-- Exercise details --
Considering the entries that follow, report how many lines include the string "erefl", giving the number alone.

-- Extracted data --
Lemma deriv_within_continuous f t l :
  deriv_within A f t l -> f @ within A (nbhs t) --> f t.
Proof.
move=> /deriv_within_cvg_shift /cvgrPdist_lt Hs; apply/cvgrPdist_lt => e e0.
have [d d0 Hd] := (near_within_dnbhs0P _ _).1 (Hs e e0).
rewrite /within /=; apply/nbhs_normP; exists d => // s /= ts As.
have [->|st] := eqVneq s t; first by rewrite subrr normr0.
have := Hd (s - t); rewrite [t + (s - t)]addrC subrK; apply => //.
  by rewrite subr_eq0.
by rewrite distrC.
Qed.

Lemma deriv_within_is_derive f t l : (\forall h \near (0 : R), A (t + h)) ->
  deriv_within A f t l -> is_derive t 1 f l.
Proof.
move=> /nbhs_normP [d' d'0 Hd'] Hf.
have Hdn : (fun h => h^-1 * (f (t + h) - f t)) @ 0^' --> l.
  apply: cvg_trans Hf => S; rewrite !nbhs_simpl /= => HS.
  have [d d0 Hd] := (near_within_dnbhs0P _ _).1 HS.
  rewrite /dnbhs /within /=; apply/nbhs_normP; exists (Num.min d d').
    by rewrite /= lt_min d0.
  move=> h /=; rewrite lt_min => /andP[h1 h2] h0; apply: Hd => //.
    by rewrite sub0r normrN in h1.
  exact: Hd'.
have Hc : (fun h : R => h^-1 *: ((f \o shift t) (h *: 1) - f t)) @ 0^' --> l.
  by rewrite difference_quotientE.
by apply: DeriveDef; [exact: (cvgP _ Hc) | exact: cvg_lim Hc].
Qed.

Lemma is_derive_deriv_within f t l : is_derive t 1 f l -> deriv_within A f t l.
Proof.
move=> Hd.
have Hc : (fun h : R => h^-1 *: ((f \o shift t) (h *: 1) - f t)) @ 0^' --> 'D_1 f t.
  by case: Hd => d _; exact: d.
by rewrite derive_val difference_quotientE in Hc; apply: cvg_within_filter.
Qed.

End DerivWithin.

Lemma is_derive_expRM (R : realType) (c t : R) :
  is_derive t 1 (fun s : R => expR (c * s)) (expR (c * t) * c).
Proof.
have Hlin : is_derive t (1 : R) (fun s : R => c * s) c.
  by have := is_deriveZ c (is_derive_id t (1 : R)); rewrite [_ *: 1]mulr1.
exact: is_derive1_comp (is_derive_expR _) Hlin.
Qed.

Section Gronwall.
Variables (R : realType) (T : R).

Lemma tintE : tint T = [set` `[0, T]].
Proof. by apply/funext => s; rewrite /tint /= in_itv. Qed.

Lemma deriv_within_continuous_tint (f df : R -> R) :
  (forall s, tint T s -> deriv_within (tint T) f s (df s)) ->
  {within `[0, T], continuous f}.
Proof.
move=> Hf; apply/subspace_continuousP => s Ts.
by rewrite -tintE in Ts *; exact: deriv_within_continuous (Hf s Ts).
Qed.
Lemma filter_forall_leq (I : Type) (F : set_system I) {FF : Filter F} (P : nat -> set I) :
  (forall k, F (P k)) -> forall n, F [set m | forall k, (k <= n)%N -> P k m].
Proof.
move=> FP; elim=> [|n IH].
  by apply: filterS (FP 0%N) => m Pm k; rewrite leqn0 => /eqP ->.
apply: filterS (filterI IH (FP n.+1)) => m [Pm Pn] k.
by rewrite leq_eqVlt => /orP[/eqP -> //|]; rewrite ltnS; exact: Pm.
Qed.

Lemma filter_diagonal (F : set_system nat) {FF : ProperFilter F} (E : nat -> set nat) :
  (forall i, F (E i)) -> exists phi : nat -> nat, forall n i, (i <= n)%N -> E i (phi n).
Proof.
move=> FE; have Eleq n : exists m, forall i, (i <= n)%N -> E i m.
  exact: filter_ex (filter_forall_leq FE n).
by have [phi phiP] := choice Eleq; exists phi.
Qed.

Lemma ultra_has_seq (I : Type) (F : set_system I) {FF : ProperFilter F}
    (F_ultra : forall A, F A \/ F (~` A)) (Y : eqType) (P : Y -> set I) (s : seq Y) :
  F [set m | exists2 p, p \in s & P p m] -> exists2 p, p \in s & F (P p).
Proof.
elim: s => [|a s IH] Fs.
  by exfalso; apply: (filter_not_empty F); apply: filterS Fs => m [p].
case: (F_ultra (P a)) => [Pa|nPa]; first by exists a => //; rewrite inE eqxx.
have [p ps Pp] : exists2 p, p \in s & F (P p).
  apply: IH; apply: filterS (filterI Fs nPa) => m [[p]].
  by rewrite inE => /orP[/eqP -> //|ps Pp _]; exists p.
by exists p => //; rewrite inE ps orbT.
Qed.

(* An ultrafilter containing a finite union of eps-balls contains one of them. *)
Lemma ultra_finite_nets_cvg (R : realType) (X : completeNormedModType R)
    (G : set_system X) {GF : ProperFilter G} (G_ultra : forall A, G A \/ G (~` A)) :
  (forall eps, 0 < eps -> exists s : seq X,
      G [set y | exists2 p, p \in s & `|y - p| < eps]) ->
  cvg G.
Proof.
move=> nets; apply: cauchy_cvg; apply: cauchy_exP => eps eps_gt0.
have [s Gs] := nets eps eps_gt0.
have [p _ Gp] := ultra_has_seq G_ultra (P := fun p y => `|y - p| < eps) Gs.
by exists p; apply: filterS Gp => y; rewrite -ball_normE /= distrC.
Qed.

Lemma exists_nat_gt (R : realType) (x : R) : exists n : nat, x < n%:R.
Proof. by exists (Num.truncn x).+1; exact: truncnS_gt. Qed.

Lemma exists_invS_lt (R : realType) (eps : R) : 0 < eps -> exists i : nat, i.+1%:R^-1 < eps.
Proof.
move=> eps_gt0; have [N _ lt_eps] := near_infty_natSinv_lt (PosNum eps_gt0).
by exists N; exact: (lt_eps N (leqnn N)).
Qed.

Lemma ler_invS (R : numFieldType) (i j : nat) : (i <= j)%N -> j.+1%:R^-1 <= i.+1%:R^-1 :> R.
Proof. by move=> ij; rewrite lef_pV2 ?posrE ?ltr0n // ler_nat ltnS. Qed.

Lemma bounded_set_of_norm_le (R : realType) (X : normedModType R) (A : set X) (rho : R) :
  (forall x, A x -> `|x| <= rho) -> bounded_set A.
Proof.
move=> Arho; exists rho; split; first by rewrite num_real.
by move=> M M_gt x Ax; exact: le_trans (Arho x Ax) (ltW M_gt).
Qed.

Section GluedTrajectory.
Variables (R : realType) (X : normedModType R) (V : R -> R -> X -> X) (a : R) (y : nat -> X).
Hypotheses (V_process : is_process V) (a_gt0 : 0 < a).

Local Notation P j := (- (j%:R * a)).

Hypothesis y_step : forall j : nat, V (P j) (P j.+1) (y j.+1) = y j.

Lemma grid_nonincreasing i j : (i <= j)%N -> P j <= P i.
Proof. by move=> ij; rewrite lerN2 ler_wpM2r ?ler_nat ?ltW. Qed.

Definition grid_index (t : R) : nat := (Num.truncn (- t / a)).+1.

Lemma grid_index_le t : P (grid_index t) <= t.
Proof.
have := truncnS_gt (- t / a); rewrite ltr_pdivrMr // => lt_t; rewrite /grid_index; lra.
Qed.

Lemma glue_consistent j d t : P j <= t ->
  V t (P (j + d)) (y (j + d)) = V t (P j) (y j).
Proof.
move=> le_jt; elim: d => [|d IH]; first by rewrite addn0.
rewrite addnS (V_process.2 t (P (j + d)) (P (j + d).+1)) /=.
- by rewrite y_step IH.
- exact: grid_nonincreasing.
- exact: le_trans (grid_nonincreasing (leq_addr d j)) le_jt.
Qed.

Definition glued_trajectory (t : R) : X := V t (P (grid_index t)) (y (grid_index t)).

Lemma glued_trajectoryE t j : P j <= t -> glued_trajectory t = V t (P j) (y j).
Proof.
move=> le_jt; rewrite /glued_trajectory; set i := grid_index t.
have le_it : P i <= t := grid_index_le t.
have := glue_consistent (maxn i j - i) le_it; have := glue_consistent (maxn i j - j) le_jt.
by rewrite !subnKC ?leq_maxl ?leq_maxr // => <- <-.
Qed.

Lemma glued_trajectory_flow s tau : tau <= s ->
  glued_trajectory s = V s tau (glued_trajectory tau).
Proof.
move=> le_tau_s; have le_jtau := grid_index_le tau.
rewrite (glued_trajectoryE (le_trans le_jtau le_tau_s)) (glued_trajectoryE le_jtau).
by rewrite (V_process.2 s tau (P (grid_index tau))).
Qed.

Lemma glued_trajectory0 : glued_trajectory 0 = y 0.
Proof. by rewrite (@glued_trajectoryE 0 0) mul0r oppr0 // V_process.1. Qed.

End GluedTrajectory.

Definition kernel_sections (R : realType) (X : normedModType R) (L : Type)
    (Sigma : set L) (U : process_family X L) : set X :=
  [set x | exists2 f, Sigma f & exists2 u, complete_bounded_trajectory (U f) u & x = u 0].

Lemma hdist_le (R : realType) (X : normedModType R) (B C : set X) (eps : R) :
  (forall x, B x -> exists2 xi, C xi & `|x - xi| <= eps) -> (hdist B C <= eps%:E)%E.
Proof.
move=> near_C; apply: ge_ereal_sup => _ [x Bx <-].
have [xi Cxi le_eps] := near_C x Bx.
apply: le_trans (ereal_inf_lbound (ex_intro2 _ _ xi Cxi erefl)) _.
by rewrite lee_fin.
Qed.

Lemma hdist_lt (R : realType) (X : normedModType R) (B C : set X) (d : R) (x : X) :
  (hdist B C < d%:E)%E -> B x -> exists2 xi, C xi & `|x - xi| < d.
Proof.
move=> lt_d Bx.
have : (ereal_inf [set (`|x - xi|)%:E | xi in C] < d%:E)%E.
  by apply: le_lt_trans lt_d; apply: ereal_sup_ubound; exists x.
by case/ereal_inf_lt => _ [xi Cxi <-]; rewrite lte_fin; exists xi.
Qed.

Section UniformAttractor.
Variables (R : realType) (X : completeNormedModType R) (L : metricType R)
  (T : R -> L -> L) (Sigma : set L) (U : L -> R -> R -> X -> X).
Hypotheses (Sigma_compact : compact Sigma)
  (T_Sigma : forall h, T h @` Sigma `<=` Sigma)
  (T_continuous : forall h, {within Sigma, continuous (T h)})
  (U_process : forall f, Sigma f -> is_process (U f))
  (U_translate : forall f, Sigma f -> forall h t tau, tau <= t ->
     U f (h + t) (h + tau) = U (T h f) t tau)
  (U_dissipative : unif_totally_dissipative Sigma U)
  (U_asymp_closed : asymptotically_closed Sigma U).

Local Notation K := (kernel_sections Sigma U).

Lemma Sigma_T h f : Sigma f -> Sigma (T h f).
Proof. by move=> Sf; apply: T_Sigma; exists f. Qed.

Lemma U_shift f t0 tau r x : Sigma f -> tau <= t0 -> 0 <= r ->
  U (T t0 f) r 0 (U f t0 tau x) = U f (t0 + r) tau x.
Proof.
move=> Sf le_tau r_ge0; have le_t0 : t0 <= t0 + r by rewrite lerDl.
by rewrite -(U_translate Sf t0 r_ge0) addr0 ((U_process Sf).2 _ _ _ le_tau le_t0).
Qed.

Lemma absorbing_finite_net eps : 0 < eps -> exists s : seq X, forall C, bounded_set C ->
  exists te, forall f, Sigma f -> forall t tau, te <= t - tau -> forall x, C x ->
  exists2 p, p \in s & `|U f t tau x - p| < eps.
Proof.
move=> eps_gt0; have [M [M_fin M_abs]] := U_dissipative eps_gt0.
have [s M_eq] := (finite_seqP M).1 M_fin; rewrite {}M_eq in M_abs.
exists s => C C_bd.
have [te te_abs] := M_abs C C_bd; exists te => f Sf t tau le_te x Cx.
by have [p ps] := te_abs f Sf t tau le_te _ (ex_intro2 _ _ x Cx erefl); exists p.
Qed.

Lemma absorbing_norm_bound : exists rho : R, forall C, bounded_set C ->
  exists te, forall f, Sigma f -> forall t tau, te <= t - tau -> forall x, C x ->
  `|U f t tau x| < rho.
Proof.
have [s net] := absorbing_finite_net ltr01.
have [r s_le] : exists r : R, forall p, p \in s -> `|p| <= r.
  by exists (\big[Order.max/0]_(p <- s) `|p|) => p ps; exact: le_bigmax_seq.
exists (r + 1) => C C_bd; have [te te_net] := net C C_bd.
exists te => f Sf t tau le_te x Cx; have [p ps near_p] := te_net f Sf t tau le_te x Cx.
have := s_le p ps; have := ler_normD (U f t tau x - p) p; rewrite subrK; lra.
Qed.
(* Since N := B2 + B3 satisfies N^2 = 0, the transfer matrix is
   T_x = diag(e^{-ik}, e^{ik}) (1 + c_x N) with c_x affine in x of slope
   eps / (2 sin k) != 0; in particular x |-> T_x dilates distances by a constant
   factor, so T_x lies in the support of T whenever x lies in that of w.
   In the chart u = 1/(z+1), which sends the common fixed point -1 of the
   factors 1 + c_x N to infinity, 1 + c_x N acts as the translation by -i c_x.
   If a finite set F were invariant under T_x and T_y for two support points
   x != y, both would permute F, hence so would T_x^-1 T_y, which in the chart
   is a nonzero translation; so F = {-1}. But T_x maps -1 to -e^{-2ik} != -1. *)

Lemma translate_stable_seq_nil (K : numDomainType) (s : K) (G : seq K) :
  s != 0 -> (forall v, v \in G -> v + s \in G) -> G = [::].
Proof.
move=> s0 stableG; case: G stableG => [//|v0 G] stableG; exfalso.
pose orbit := mkseq (fun n => v0 + n%:R * s) (size G).+2.
have orbit_uniq : uniq orbit.
  apply: mkseq_uniq => m n /addrI /(mulIf s0) /eqP.
  by rewrite eqr_nat => /eqP.
have orbit_sub : {subset orbit <= v0 :: G}.
  move=> _ /mapP[n _ ->]; elim: n => [|n IHn]; first by rewrite mul0r addr0 mem_head.
  by rewrite mulrSr mulrDl mul1r addrA stableG.
by have := uniq_leq_size orbit_uniq orbit_sub; rewrite size_mkseq /= ltnn.
Qed.

Lemma mem_stable_inj_onto (T : eqType) (f : T -> T) (F : seq T) :
  injective f -> (forall z, z \in F -> f z \in F) ->
  forall z', z' \in F -> exists2 z, z \in F & z' = f z.
Proof.
move=> f_inj stableF z' z'F.
have sub : {subset map f (undup F) <= undup F}.
  by move=> _ /mapP[z zF ->]; rewrite mem_undup stableF // -mem_undup.
have img_uniq : uniq (map f (undup F)) by rewrite map_inj_uniq // undup_uniq.
have [_ eq_img] := uniq_min_size img_uniq sub (eq_leq (esym (size_map f _))).
have : z' \in map f (undup F) by rewrite eq_img mem_undup.
by case/mapP => z zF ->; exists z; rewrite // -mem_undup.
Qed.

Section Transfer.
Variable R : realType.
Local Notation C := (R[i]).
Local Open Scope complex_scope.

-- Task result --
2